Exercise data –
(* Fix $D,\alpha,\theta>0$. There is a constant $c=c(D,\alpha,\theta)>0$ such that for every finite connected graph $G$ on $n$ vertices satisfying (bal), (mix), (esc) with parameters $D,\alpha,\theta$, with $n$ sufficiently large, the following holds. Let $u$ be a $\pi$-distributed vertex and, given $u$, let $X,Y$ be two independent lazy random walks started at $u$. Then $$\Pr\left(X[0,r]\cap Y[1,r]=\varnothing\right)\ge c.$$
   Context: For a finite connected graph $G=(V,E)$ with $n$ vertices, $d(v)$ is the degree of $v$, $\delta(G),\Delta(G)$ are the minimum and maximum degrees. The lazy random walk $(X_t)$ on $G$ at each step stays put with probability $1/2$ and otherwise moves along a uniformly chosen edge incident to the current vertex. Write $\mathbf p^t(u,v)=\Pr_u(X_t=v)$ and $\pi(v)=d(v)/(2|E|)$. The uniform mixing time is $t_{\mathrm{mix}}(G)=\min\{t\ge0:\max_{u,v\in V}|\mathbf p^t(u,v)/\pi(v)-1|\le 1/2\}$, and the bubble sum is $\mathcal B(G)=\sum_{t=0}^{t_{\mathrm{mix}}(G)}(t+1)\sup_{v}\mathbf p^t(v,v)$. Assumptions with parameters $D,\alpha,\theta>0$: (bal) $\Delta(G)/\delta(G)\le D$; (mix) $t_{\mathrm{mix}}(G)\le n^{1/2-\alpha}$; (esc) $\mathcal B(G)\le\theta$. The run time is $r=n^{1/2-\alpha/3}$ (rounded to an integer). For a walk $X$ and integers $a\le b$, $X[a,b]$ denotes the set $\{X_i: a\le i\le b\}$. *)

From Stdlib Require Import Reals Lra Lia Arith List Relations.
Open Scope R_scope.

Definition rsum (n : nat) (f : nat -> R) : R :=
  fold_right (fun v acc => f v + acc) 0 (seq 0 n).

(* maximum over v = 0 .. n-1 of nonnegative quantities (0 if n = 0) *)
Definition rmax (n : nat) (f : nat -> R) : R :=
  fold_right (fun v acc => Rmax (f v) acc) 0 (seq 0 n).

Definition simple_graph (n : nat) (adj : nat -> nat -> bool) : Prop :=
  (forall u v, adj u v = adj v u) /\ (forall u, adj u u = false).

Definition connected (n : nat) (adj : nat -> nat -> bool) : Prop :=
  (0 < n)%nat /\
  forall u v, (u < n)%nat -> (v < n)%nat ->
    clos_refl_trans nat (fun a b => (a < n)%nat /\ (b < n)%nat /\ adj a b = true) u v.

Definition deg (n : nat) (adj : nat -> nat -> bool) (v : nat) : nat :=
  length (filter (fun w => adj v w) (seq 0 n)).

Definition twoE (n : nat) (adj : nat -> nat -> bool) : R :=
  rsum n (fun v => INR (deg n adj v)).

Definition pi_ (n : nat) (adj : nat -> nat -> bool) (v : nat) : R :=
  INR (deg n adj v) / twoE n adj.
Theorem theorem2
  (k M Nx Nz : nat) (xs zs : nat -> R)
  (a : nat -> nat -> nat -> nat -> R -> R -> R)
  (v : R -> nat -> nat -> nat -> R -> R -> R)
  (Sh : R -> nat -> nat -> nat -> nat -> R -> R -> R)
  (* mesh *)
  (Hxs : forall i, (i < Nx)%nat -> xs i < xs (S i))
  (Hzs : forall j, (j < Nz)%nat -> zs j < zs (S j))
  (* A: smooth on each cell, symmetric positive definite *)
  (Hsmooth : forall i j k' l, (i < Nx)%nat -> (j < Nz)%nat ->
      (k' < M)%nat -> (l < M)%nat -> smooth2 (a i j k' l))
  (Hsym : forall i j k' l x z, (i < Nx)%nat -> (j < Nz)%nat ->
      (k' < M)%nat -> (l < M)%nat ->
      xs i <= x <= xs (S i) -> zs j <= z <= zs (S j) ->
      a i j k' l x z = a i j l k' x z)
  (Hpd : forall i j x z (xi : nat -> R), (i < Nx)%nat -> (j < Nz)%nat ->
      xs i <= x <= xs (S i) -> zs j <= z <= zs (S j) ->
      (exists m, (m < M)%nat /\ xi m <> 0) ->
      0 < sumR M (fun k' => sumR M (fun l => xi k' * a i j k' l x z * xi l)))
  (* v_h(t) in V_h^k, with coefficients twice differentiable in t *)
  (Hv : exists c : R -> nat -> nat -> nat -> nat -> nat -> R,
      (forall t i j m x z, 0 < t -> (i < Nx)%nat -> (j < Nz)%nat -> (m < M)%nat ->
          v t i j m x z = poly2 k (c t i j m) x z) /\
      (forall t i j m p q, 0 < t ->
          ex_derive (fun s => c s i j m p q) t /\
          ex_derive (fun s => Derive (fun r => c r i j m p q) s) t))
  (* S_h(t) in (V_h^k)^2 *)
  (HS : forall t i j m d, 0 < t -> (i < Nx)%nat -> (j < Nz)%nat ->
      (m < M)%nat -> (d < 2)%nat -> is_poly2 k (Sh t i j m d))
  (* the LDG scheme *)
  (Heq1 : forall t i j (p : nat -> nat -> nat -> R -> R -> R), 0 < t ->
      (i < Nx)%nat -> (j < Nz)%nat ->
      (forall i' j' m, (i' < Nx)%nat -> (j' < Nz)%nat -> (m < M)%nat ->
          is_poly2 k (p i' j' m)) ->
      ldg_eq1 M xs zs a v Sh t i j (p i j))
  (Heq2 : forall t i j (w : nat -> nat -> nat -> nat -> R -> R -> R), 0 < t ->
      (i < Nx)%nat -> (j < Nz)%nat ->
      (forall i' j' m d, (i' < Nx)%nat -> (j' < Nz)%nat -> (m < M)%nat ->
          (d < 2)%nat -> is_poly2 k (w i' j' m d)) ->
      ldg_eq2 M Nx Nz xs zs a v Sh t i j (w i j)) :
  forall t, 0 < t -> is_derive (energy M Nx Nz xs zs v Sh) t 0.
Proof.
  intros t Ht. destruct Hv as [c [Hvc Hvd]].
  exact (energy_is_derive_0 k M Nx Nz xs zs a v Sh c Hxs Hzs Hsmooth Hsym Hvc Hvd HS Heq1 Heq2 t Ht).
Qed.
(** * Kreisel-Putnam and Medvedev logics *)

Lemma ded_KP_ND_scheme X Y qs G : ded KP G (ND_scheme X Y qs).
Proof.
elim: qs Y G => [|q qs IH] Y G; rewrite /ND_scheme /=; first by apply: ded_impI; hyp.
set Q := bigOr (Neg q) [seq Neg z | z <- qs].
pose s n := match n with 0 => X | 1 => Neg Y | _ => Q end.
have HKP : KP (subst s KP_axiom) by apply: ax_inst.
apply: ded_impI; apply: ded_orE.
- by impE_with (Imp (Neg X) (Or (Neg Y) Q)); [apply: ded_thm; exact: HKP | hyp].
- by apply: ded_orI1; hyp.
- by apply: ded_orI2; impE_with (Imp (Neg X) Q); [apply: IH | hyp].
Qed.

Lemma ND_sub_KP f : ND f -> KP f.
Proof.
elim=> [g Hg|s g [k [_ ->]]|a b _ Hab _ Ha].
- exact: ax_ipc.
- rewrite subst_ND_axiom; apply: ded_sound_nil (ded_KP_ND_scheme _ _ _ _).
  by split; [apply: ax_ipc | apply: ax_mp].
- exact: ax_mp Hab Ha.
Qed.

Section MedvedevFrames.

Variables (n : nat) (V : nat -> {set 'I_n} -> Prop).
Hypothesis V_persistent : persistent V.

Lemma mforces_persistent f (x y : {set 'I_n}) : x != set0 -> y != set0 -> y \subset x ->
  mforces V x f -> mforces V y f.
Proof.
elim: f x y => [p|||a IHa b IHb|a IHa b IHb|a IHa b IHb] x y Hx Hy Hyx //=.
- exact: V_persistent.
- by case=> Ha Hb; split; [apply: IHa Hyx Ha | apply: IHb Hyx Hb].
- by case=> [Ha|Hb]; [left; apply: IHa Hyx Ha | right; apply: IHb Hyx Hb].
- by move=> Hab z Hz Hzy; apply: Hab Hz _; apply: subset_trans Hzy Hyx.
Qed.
==
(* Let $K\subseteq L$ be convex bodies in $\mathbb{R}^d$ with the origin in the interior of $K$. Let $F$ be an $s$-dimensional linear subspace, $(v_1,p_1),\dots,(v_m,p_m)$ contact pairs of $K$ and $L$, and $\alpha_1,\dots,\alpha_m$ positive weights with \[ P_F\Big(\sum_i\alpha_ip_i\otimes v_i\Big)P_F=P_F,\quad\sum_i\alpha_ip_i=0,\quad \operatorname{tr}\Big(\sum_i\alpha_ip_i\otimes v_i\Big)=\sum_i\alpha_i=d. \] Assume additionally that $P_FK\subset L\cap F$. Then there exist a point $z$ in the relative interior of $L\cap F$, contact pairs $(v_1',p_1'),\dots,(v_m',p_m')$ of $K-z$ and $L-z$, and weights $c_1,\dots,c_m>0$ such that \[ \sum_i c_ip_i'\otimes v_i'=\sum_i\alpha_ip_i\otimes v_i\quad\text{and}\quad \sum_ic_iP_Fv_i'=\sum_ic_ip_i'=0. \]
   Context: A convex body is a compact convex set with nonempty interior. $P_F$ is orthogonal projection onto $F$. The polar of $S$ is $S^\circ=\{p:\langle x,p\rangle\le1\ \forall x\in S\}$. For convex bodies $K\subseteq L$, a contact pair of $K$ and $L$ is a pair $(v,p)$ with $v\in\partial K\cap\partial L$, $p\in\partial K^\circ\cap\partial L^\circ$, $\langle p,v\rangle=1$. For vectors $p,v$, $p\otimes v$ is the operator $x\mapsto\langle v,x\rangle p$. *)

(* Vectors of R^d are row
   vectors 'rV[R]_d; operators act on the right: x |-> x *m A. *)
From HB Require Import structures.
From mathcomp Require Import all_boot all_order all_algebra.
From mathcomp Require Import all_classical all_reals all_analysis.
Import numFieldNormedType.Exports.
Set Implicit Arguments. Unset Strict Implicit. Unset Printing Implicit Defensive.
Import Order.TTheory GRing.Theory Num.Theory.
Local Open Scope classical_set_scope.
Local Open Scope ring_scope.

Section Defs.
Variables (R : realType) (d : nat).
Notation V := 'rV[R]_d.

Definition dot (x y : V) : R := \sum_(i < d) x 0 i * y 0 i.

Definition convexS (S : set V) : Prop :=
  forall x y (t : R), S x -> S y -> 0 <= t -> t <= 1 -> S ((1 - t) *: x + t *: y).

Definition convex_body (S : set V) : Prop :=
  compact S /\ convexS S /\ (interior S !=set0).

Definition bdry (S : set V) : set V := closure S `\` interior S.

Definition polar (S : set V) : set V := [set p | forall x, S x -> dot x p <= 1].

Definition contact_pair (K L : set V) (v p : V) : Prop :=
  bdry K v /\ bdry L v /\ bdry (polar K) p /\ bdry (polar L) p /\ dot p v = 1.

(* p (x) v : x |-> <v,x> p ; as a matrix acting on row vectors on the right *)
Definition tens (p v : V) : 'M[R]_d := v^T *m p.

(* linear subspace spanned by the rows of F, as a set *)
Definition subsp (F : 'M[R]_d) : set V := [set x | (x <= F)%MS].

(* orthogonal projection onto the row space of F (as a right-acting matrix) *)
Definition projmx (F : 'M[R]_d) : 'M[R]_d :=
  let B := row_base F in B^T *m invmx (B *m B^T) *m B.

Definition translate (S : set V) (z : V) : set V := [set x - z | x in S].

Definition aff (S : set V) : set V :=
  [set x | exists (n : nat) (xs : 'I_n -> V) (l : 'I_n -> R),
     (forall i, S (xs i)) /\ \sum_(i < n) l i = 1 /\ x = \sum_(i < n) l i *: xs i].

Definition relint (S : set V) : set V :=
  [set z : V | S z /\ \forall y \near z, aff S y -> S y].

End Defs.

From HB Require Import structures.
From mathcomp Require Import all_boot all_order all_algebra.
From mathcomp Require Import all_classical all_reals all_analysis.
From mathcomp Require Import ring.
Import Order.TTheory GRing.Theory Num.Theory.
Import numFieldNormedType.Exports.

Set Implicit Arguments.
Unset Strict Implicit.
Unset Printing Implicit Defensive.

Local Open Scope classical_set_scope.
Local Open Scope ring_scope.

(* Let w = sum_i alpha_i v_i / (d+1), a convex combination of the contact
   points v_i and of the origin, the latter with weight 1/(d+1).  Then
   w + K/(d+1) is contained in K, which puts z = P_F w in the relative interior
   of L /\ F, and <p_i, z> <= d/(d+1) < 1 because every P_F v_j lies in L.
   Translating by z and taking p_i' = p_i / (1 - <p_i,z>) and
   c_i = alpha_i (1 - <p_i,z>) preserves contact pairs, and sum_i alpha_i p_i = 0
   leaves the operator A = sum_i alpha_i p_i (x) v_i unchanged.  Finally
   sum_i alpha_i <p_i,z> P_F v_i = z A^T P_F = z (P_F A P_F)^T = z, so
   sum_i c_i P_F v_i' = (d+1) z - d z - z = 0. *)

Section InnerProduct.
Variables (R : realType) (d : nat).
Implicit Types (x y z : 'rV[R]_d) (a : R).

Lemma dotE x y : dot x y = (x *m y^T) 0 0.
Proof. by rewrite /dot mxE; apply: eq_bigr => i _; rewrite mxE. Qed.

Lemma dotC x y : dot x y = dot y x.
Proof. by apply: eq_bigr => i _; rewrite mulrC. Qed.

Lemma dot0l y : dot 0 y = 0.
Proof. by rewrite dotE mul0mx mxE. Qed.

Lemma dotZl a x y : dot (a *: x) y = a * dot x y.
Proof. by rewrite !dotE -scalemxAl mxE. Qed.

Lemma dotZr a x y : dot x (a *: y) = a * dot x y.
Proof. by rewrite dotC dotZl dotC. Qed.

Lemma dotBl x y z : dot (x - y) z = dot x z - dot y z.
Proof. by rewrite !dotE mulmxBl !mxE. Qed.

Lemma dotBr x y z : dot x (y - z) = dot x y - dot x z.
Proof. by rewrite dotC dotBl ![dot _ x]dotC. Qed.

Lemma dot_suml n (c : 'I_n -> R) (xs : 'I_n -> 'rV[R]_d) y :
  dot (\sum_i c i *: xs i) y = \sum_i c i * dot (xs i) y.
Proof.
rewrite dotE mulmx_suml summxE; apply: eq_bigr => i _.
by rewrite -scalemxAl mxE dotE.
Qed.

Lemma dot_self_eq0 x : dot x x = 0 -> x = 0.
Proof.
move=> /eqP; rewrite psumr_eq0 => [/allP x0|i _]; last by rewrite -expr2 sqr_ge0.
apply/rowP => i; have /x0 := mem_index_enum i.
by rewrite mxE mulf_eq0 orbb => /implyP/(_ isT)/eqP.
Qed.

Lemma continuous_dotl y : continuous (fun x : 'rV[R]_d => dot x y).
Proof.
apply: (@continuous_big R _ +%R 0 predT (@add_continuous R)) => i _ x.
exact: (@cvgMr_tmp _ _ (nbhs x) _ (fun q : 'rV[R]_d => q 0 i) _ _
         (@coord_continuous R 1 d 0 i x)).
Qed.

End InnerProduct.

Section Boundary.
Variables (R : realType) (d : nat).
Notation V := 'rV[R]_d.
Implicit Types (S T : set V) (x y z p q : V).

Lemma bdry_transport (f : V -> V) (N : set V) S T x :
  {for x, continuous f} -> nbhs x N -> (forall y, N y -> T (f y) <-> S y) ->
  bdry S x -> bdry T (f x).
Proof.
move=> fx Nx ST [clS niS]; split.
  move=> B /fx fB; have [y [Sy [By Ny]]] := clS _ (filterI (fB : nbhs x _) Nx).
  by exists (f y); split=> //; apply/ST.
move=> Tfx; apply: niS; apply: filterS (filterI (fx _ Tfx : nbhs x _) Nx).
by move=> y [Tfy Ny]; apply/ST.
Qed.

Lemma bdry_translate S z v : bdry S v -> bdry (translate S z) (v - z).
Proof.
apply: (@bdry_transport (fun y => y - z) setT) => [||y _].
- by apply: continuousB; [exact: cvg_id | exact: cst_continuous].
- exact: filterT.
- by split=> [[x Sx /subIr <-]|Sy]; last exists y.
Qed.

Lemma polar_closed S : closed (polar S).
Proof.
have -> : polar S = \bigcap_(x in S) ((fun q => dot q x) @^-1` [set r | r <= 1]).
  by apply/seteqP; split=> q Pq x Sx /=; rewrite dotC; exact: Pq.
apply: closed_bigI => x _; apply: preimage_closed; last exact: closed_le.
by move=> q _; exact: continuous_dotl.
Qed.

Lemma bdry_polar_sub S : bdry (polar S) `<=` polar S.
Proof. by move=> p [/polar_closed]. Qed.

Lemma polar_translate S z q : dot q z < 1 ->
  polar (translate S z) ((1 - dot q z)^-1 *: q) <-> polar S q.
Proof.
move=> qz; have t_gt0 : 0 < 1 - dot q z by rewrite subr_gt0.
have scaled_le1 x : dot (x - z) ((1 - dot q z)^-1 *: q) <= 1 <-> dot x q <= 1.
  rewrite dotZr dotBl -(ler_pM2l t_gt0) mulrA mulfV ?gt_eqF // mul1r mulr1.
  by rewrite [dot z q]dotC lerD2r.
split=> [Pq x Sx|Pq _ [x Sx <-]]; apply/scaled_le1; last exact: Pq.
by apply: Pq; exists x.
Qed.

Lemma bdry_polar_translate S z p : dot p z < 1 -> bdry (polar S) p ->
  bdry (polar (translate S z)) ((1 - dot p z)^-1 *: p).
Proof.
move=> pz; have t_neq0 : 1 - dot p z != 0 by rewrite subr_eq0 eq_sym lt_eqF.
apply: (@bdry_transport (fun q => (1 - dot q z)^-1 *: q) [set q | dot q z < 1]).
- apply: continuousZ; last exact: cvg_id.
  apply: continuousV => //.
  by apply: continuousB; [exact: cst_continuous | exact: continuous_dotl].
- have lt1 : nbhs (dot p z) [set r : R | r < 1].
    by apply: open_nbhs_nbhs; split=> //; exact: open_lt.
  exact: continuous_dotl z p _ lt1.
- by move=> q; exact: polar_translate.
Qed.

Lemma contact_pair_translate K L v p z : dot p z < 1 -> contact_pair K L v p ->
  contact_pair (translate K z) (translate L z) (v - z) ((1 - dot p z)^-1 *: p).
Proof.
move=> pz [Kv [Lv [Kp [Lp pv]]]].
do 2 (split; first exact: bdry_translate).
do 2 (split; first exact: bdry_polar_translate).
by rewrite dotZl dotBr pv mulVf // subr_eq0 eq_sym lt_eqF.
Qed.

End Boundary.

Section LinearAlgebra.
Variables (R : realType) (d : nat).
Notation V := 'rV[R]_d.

Work required – As you read the records above, find each line that contains "Strict" and copy it.

Result –
Set Implicit Arguments. Unset Strict Implicit. Unset Printing Implicit Defensive.
Unset Strict Implicit.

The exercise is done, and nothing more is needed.